Asked by Anonymous

2nd one no. YOu have 12 H on left ond 16 on right. You have 10 O on left and 20 on right.

1st one no. You have
2 Na ions on left and 4 Na ions on right.
zero charge on left and 2+ charge on right.

Zn(s) + Na+(aq) + 2 OH-(aq) + 2 H2O(l) → Zn(OH)42-(aq) + Na+(aq) + H2(g)
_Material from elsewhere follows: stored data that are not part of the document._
(* Let $A\subset\mathbb{N}$. Suppose there exist a Følner sequence $\Phi$ in $\mathbb{N}$, a set $L\subset\mathbb{N}$ and $\epsilon>0$ such that $\mathsf{d}_\Phi\big((A-m)\cap L\big)$ exists for every $m\in\mathbb{N}$, and such that for every finite subset $F\subset L$ the set $$\bigcap_{\ell\in F}(A-\ell)\ \cap\ \Big\{m\in\mathbb{N}:\mathsf{d}_\Phi\big((A-m)\cap L\big)>\epsilon\Big\}$$ is infinite. Then there exist infinite sets $B,C\subset\mathbb{N}$ such that $B+C\subset A$.
   Context: A Følner sequence in $\mathbb{N}$ is a sequence $\Phi\colon N\mapsto\Phi_N$ of finite non-empty subsets of $\mathbb{N}$ with $|(\Phi_N+m)\triangle\Phi_N|/|\Phi_N|\to0$ for all $m\in\mathbb{N}$. For $E\subset\mathbb{N}$, $\mathsf{d}_\Phi(E)=\lim_{N\to\infty}|E\cap\Phi_N|/|\Phi_N|$ when the limit exists. For $m\in\mathbb{N}$, $A-m=\{n\in\mathbb{N}:n+m\in A\}$. *)

(* Convention: N = {1,2,3,...}; subsets of N are predicates
   on nat contained in [PosN]. *)
From Stdlib Require Import Reals List Arith ClassicalEpsilon.
Open Scope R_scope.

Definition PosN (n : nat) : Prop := (0 < n)%nat.

Definition card_in (E : nat -> Prop) (l : list nat) : nat :=
  length (filter (fun x => if excluded_middle_informative (E x) then true else false) l).

(* |(Phi + m) \triangle Phi| for a duplicate-free list Phi *)
Definition symdiff_shift (Phi : list nat) (m : nat) : nat :=
  (card_in (fun x => ~ In (x + m)%nat Phi) Phi
   + card_in (fun y => ~ exists x, In x Phi /\ (x + m)%nat = y) Phi)%nat.

(* Folner sequence in N: finite non-empty subsets of N (encoded as
   duplicate-free nonempty lists of positive integers) *)
Definition Folner (Phi : nat -> list nat) : Prop :=
  (forall N, NoDup (Phi N) /\ Phi N <> nil /\ (forall x, In x (Phi N) -> PosN x)) /\
  (forall m, PosN m ->
     Un_cv (fun N => INR (symdiff_shift (Phi N) m) / INR (length (Phi N))) 0).
Section PulledBackMonomial.
Variables (R : realType) (m : nat) (a : R) (mu : 'I_m -> R).

Definition root_exponent (n : 'I_m -> nat) (k : nat) : 'I_m -> R :=
  fun j => (n j)%:R * mu j / k%:R.

Definition root_coef (k : nat) : R := Num.sg a * `|a| `^ k%:R^-1.

Lemma prod_phi_powR_root n k (x : 'rV[R]_m) : orthant x ->
  (\prod_(j < m) (x 0 j ^+ n j) `^ mu j) `^ k%:R^-1 =
  \prod_(j < m) x 0 j `^ root_exponent n k j.
Proof.
move=> x0; rewrite powR_prod => [|j]; last exact: powR_ge0.
apply: eq_bigr => j _; rewrite -powR_mulrn ?(ltW (x0 j)) // -!powRrM.
by rewrite /root_exponent mulrA.
Qed.

Lemma monomial_phiE n (x : 'rV[R]_m) :
  monomial a mu (phi_map n x) = a * \prod_(j < m) (x 0 j ^+ n j) `^ mu j.
Proof. by rewrite /monomial; congr (_ * _); apply: eq_bigr => j _; rewrite mxE. Qed.

Lemma kroot_monomial_phi n k (x : 'rV[R]_m) : orthant x ->
  kroot k (monomial a mu \o phi_map n) x = monomial (root_coef k) (root_exponent n k) x.
Proof.
move=> x0; rewrite /kroot /= monomial_phiE; set P := \prod_(j < m) _.
have P0 : 0 < P by apply: prodr_gt0 => j _; apply/powR_gt0/exprn_gt0.
rewrite sgrM (gtr0_sg P0) mulr1 normrM (gtr0_norm P0) powRM ?normr_ge0 ?(ltW P0) //.
by rewrite prod_phi_powR_root // /monomial /root_coef mulrA.
Qed.

Lemma root_monomial_ipartial_exponentE n k s (x : 'rV[R]_m) : orthant x ->
  `|a| `^ k%:R^-1 * \prod_(j < m) x 0 j `^ ipartial_exponent (root_exponent n k) s j =
  `|monomial a mu (phi_map n x)| `^ k%:R^-1 / \prod_(i <- s) x 0 i.
Proof.
move=> x0; have P0 : 0 <= \prod_(j < m) (x 0 j ^+ n j) `^ mu j.
  by apply: prodr_ge0 => j _; exact: powR_ge0.
rewrite monomial_phiE normrM (ger0_norm P0) powRM ?normr_ge0 // prod_phi_powR_root //.
rewrite -(prod_count_mem _ s) -mulrA -prodfV -big_split /=.
congr (_ * _); apply: eq_bigr => j _.
by rewrite powRB ?(lt0r_neq0 (x0 j)) ?implybT // powR_mulrn // ltW.
Qed.

Definition mild_constA : R := 1 + \sum_(j < m) `|mu j|.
2C3H6(g) + 4O2(g) → 6CO2(g) + 6H2O(l)

Would this be right?

I don't understand. You can check these yourself and know if you are right or wrong without asking any help.
1. looks ok to me.
2. Count the O atoms. I count 8 O atoms on the left and I count 18 on the right.
Here is how I do them.
C3H6 + O2 ==> CO2 + H2O

I need 3C on the right so I place a coefficient of 3 for CO2 on the right.
C3H6 + O2 --> 3CO2 + H2O

How many H do I need on the right? 6 so I place a 3 in front of H2O like this.
C3H6 + O2 --> 3CO2 + 3H2O

C is ok. H is ok. Now I count up O on the right which I need (because I can make that any number I wish on the left). I need 6 O from CO2 and 3 from H2O for a total of 9 O atoms. So I multiply O2 by 9/2 (9/2 x 2 = 9).
C3H6 + 9/2 O2 ==> 3CO2 + 3H2O

We usually don't like to keep fractions in the final equation so I multiply the entire equation through by 2.
2C3H6 + 9 O2 ==> 6CO2 + 6H2O
Now we check it.
6C on left and 6 on right.
12 H on left and 12 on right.
18 O on left and 18 on right (6*2=12 from 6CO2 and 6*1=6 from 6H2O and 12+6=18 total).